*Try it*
The data below holds a line containing "have s_neq0 : (s%:R^-1" and a line containing "have aa : a"; please quote exactly those two lines and every line between them, and nothing else.

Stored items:
§

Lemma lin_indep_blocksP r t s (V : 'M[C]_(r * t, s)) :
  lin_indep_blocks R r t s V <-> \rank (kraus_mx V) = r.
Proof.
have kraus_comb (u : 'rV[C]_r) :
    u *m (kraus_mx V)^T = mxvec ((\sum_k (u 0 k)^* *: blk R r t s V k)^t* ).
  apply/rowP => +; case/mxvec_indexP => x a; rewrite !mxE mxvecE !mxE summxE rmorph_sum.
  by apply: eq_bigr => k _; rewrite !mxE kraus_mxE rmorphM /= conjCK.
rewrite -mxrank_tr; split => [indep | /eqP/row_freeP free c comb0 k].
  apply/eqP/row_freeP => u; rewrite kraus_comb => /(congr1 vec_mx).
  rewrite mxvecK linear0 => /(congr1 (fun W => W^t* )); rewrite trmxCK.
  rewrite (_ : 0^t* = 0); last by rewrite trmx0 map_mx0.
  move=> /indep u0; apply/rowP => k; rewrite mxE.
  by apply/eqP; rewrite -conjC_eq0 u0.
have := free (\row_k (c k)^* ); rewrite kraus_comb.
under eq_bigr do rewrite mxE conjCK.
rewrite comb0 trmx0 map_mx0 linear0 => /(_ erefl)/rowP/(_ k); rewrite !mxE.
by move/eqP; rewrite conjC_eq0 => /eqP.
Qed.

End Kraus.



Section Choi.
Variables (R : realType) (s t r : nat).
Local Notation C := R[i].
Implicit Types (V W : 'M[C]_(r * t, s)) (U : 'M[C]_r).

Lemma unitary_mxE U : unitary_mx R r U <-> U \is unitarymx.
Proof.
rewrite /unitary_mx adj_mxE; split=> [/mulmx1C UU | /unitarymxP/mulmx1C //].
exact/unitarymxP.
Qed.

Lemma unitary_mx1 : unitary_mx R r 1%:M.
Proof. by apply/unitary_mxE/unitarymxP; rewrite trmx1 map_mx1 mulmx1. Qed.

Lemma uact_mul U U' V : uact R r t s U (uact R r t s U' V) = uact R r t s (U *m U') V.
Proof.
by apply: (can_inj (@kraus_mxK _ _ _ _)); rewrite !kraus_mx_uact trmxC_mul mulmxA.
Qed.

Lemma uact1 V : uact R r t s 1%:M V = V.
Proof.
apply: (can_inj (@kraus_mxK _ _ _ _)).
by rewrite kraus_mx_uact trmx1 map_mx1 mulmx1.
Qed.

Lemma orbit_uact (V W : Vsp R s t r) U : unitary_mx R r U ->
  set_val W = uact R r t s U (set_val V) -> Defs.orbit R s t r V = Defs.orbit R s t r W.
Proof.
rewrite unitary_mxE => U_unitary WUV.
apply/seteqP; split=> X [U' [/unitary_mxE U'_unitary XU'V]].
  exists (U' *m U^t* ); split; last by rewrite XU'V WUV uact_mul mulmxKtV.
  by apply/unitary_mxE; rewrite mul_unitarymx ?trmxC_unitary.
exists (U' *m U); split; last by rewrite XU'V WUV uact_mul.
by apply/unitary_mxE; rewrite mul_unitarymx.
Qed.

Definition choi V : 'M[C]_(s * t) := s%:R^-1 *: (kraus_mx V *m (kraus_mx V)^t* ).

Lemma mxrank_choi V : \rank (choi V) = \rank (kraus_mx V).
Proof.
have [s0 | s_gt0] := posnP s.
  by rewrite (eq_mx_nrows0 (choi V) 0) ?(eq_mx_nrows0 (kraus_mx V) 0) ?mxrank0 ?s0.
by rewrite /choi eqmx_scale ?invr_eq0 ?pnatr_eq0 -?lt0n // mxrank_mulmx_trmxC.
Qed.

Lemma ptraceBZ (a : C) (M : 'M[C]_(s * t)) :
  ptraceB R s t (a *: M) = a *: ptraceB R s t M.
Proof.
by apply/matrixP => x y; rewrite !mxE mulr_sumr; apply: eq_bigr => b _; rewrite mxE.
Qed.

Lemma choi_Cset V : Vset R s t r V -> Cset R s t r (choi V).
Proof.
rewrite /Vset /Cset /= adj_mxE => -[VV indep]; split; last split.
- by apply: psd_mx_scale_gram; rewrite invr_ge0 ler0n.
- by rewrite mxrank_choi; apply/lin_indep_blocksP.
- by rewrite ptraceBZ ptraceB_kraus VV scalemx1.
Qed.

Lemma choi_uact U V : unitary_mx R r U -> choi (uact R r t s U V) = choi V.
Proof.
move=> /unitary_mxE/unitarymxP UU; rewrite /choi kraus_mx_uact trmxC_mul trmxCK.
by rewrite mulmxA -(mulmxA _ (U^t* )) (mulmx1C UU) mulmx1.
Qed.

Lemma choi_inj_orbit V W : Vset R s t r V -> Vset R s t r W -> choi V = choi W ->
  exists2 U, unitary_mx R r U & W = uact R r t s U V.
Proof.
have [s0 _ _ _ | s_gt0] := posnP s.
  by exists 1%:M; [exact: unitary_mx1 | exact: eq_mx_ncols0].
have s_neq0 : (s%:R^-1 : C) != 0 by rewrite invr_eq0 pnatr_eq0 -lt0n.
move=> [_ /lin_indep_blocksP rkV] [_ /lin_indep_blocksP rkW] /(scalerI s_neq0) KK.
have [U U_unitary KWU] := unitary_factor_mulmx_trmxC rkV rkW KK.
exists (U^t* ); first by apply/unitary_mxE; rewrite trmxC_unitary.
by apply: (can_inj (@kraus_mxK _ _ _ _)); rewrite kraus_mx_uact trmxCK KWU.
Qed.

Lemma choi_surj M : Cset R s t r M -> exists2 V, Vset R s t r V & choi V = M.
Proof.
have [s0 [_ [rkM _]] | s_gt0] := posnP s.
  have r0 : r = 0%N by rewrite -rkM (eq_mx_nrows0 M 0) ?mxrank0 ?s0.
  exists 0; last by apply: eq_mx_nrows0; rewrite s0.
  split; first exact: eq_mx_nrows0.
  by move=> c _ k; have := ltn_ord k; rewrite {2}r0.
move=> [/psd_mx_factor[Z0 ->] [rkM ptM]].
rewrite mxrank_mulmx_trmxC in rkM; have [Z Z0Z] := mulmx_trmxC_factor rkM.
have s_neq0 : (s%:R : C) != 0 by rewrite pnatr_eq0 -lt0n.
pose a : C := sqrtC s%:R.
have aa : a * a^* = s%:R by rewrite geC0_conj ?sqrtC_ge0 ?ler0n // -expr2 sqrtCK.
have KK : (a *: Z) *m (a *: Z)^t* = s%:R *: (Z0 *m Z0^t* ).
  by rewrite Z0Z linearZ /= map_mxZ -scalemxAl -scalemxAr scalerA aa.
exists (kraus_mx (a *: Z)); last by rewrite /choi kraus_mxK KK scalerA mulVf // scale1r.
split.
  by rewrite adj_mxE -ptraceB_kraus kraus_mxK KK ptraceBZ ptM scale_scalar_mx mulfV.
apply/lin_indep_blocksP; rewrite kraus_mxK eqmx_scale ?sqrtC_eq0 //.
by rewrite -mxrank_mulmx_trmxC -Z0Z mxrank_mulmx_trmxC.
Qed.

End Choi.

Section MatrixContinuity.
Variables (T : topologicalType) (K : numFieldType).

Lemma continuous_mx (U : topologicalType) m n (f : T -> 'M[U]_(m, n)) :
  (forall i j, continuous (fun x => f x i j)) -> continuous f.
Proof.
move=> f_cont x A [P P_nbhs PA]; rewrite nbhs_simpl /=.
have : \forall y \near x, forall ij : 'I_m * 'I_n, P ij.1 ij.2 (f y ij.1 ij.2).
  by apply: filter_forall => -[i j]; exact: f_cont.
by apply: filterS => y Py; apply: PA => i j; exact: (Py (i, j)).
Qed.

§

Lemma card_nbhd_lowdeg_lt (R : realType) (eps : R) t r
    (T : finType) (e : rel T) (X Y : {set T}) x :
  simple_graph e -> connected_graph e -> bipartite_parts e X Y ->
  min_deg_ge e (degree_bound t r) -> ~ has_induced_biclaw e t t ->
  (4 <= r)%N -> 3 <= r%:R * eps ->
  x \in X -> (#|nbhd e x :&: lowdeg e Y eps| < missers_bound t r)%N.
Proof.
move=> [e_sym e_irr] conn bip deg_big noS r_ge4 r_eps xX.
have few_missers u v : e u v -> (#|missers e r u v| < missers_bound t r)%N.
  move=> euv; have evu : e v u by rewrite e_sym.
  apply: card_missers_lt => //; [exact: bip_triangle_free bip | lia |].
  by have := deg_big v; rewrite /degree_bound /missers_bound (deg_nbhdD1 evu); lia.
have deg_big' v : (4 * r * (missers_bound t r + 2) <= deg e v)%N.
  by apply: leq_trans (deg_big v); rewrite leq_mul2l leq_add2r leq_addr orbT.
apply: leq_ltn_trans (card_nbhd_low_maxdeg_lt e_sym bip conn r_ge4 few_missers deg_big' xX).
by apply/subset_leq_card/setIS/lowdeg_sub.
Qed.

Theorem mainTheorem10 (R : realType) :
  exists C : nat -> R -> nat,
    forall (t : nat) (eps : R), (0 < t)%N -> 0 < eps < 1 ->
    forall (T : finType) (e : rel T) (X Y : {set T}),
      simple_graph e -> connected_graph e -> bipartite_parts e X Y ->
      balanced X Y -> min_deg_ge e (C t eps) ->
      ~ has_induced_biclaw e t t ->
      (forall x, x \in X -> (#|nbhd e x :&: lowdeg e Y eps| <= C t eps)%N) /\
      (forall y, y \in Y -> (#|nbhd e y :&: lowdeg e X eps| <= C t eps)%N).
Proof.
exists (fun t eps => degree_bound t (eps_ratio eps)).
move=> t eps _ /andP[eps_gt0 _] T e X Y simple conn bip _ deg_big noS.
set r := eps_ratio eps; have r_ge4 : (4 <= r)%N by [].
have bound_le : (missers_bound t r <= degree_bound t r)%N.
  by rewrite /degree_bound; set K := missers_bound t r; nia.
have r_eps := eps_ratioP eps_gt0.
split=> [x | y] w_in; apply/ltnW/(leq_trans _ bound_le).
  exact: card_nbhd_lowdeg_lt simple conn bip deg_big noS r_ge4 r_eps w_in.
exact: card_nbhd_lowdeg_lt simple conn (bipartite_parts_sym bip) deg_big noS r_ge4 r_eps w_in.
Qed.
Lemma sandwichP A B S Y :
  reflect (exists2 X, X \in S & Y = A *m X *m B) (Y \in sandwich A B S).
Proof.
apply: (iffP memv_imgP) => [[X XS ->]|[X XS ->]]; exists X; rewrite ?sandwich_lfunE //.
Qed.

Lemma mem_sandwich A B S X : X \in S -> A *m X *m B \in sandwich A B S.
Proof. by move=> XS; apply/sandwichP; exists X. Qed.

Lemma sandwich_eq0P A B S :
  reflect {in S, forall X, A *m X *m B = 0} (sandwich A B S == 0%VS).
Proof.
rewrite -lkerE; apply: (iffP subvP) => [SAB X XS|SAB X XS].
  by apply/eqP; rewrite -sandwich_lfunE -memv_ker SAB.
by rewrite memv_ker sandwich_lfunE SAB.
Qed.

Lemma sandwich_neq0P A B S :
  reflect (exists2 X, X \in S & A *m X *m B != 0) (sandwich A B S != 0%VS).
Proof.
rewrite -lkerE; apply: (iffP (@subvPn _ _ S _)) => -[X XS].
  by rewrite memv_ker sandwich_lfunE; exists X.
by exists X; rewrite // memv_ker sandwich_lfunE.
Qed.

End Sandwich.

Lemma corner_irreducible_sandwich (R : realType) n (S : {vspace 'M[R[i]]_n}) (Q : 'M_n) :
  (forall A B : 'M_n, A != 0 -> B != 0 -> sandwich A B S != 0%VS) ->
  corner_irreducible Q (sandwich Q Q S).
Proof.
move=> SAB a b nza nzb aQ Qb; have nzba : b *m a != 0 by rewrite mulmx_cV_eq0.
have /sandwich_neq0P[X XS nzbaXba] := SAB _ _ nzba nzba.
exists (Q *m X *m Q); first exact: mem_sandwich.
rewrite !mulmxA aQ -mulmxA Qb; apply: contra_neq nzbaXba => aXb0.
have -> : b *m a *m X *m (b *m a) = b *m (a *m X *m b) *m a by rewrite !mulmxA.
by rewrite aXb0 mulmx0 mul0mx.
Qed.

§

*Written answer*
have s_neq0 : (s%:R^-1 : C) != 0 by rewrite invr_eq0 pnatr_eq0 -lt0n.
move=> [_ /lin_indep_blocksP rkV] [_ /lin_indep_blocksP rkW] /(scalerI s_neq0) KK.
have [U U_unitary KWU] := unitary_factor_mulmx_trmxC rkV rkW KK.
exists (U^t* ); first by apply/unitary_mxE; rewrite trmxC_unitary.
by apply: (can_inj (@kraus_mxK _ _ _ _)); rewrite kraus_mx_uact trmxCK KWU.
Qed.

Lemma choi_surj M : Cset R s t r M -> exists2 V, Vset R s t r V & choi V = M.
Proof.
have [s0 [_ [rkM _]] | s_gt0] := posnP s.
  have r0 : r = 0%N by rewrite -rkM (eq_mx_nrows0 M 0) ?mxrank0 ?s0.
  exists 0; last by apply: eq_mx_nrows0; rewrite s0.
  split; first exact: eq_mx_nrows0.
  by move=> c _ k; have := ltn_ord k; rewrite {2}r0.
move=> [/psd_mx_factor[Z0 ->] [rkM ptM]].
rewrite mxrank_mulmx_trmxC in rkM; have [Z Z0Z] := mulmx_trmxC_factor rkM.
have s_neq0 : (s%:R : C) != 0 by rewrite pnatr_eq0 -lt0n.
pose a : C := sqrtC s%:R.
have aa : a * a^* = s%:R by rewrite geC0_conj ?sqrtC_ge0 ?ler0n // -expr2 sqrtCK.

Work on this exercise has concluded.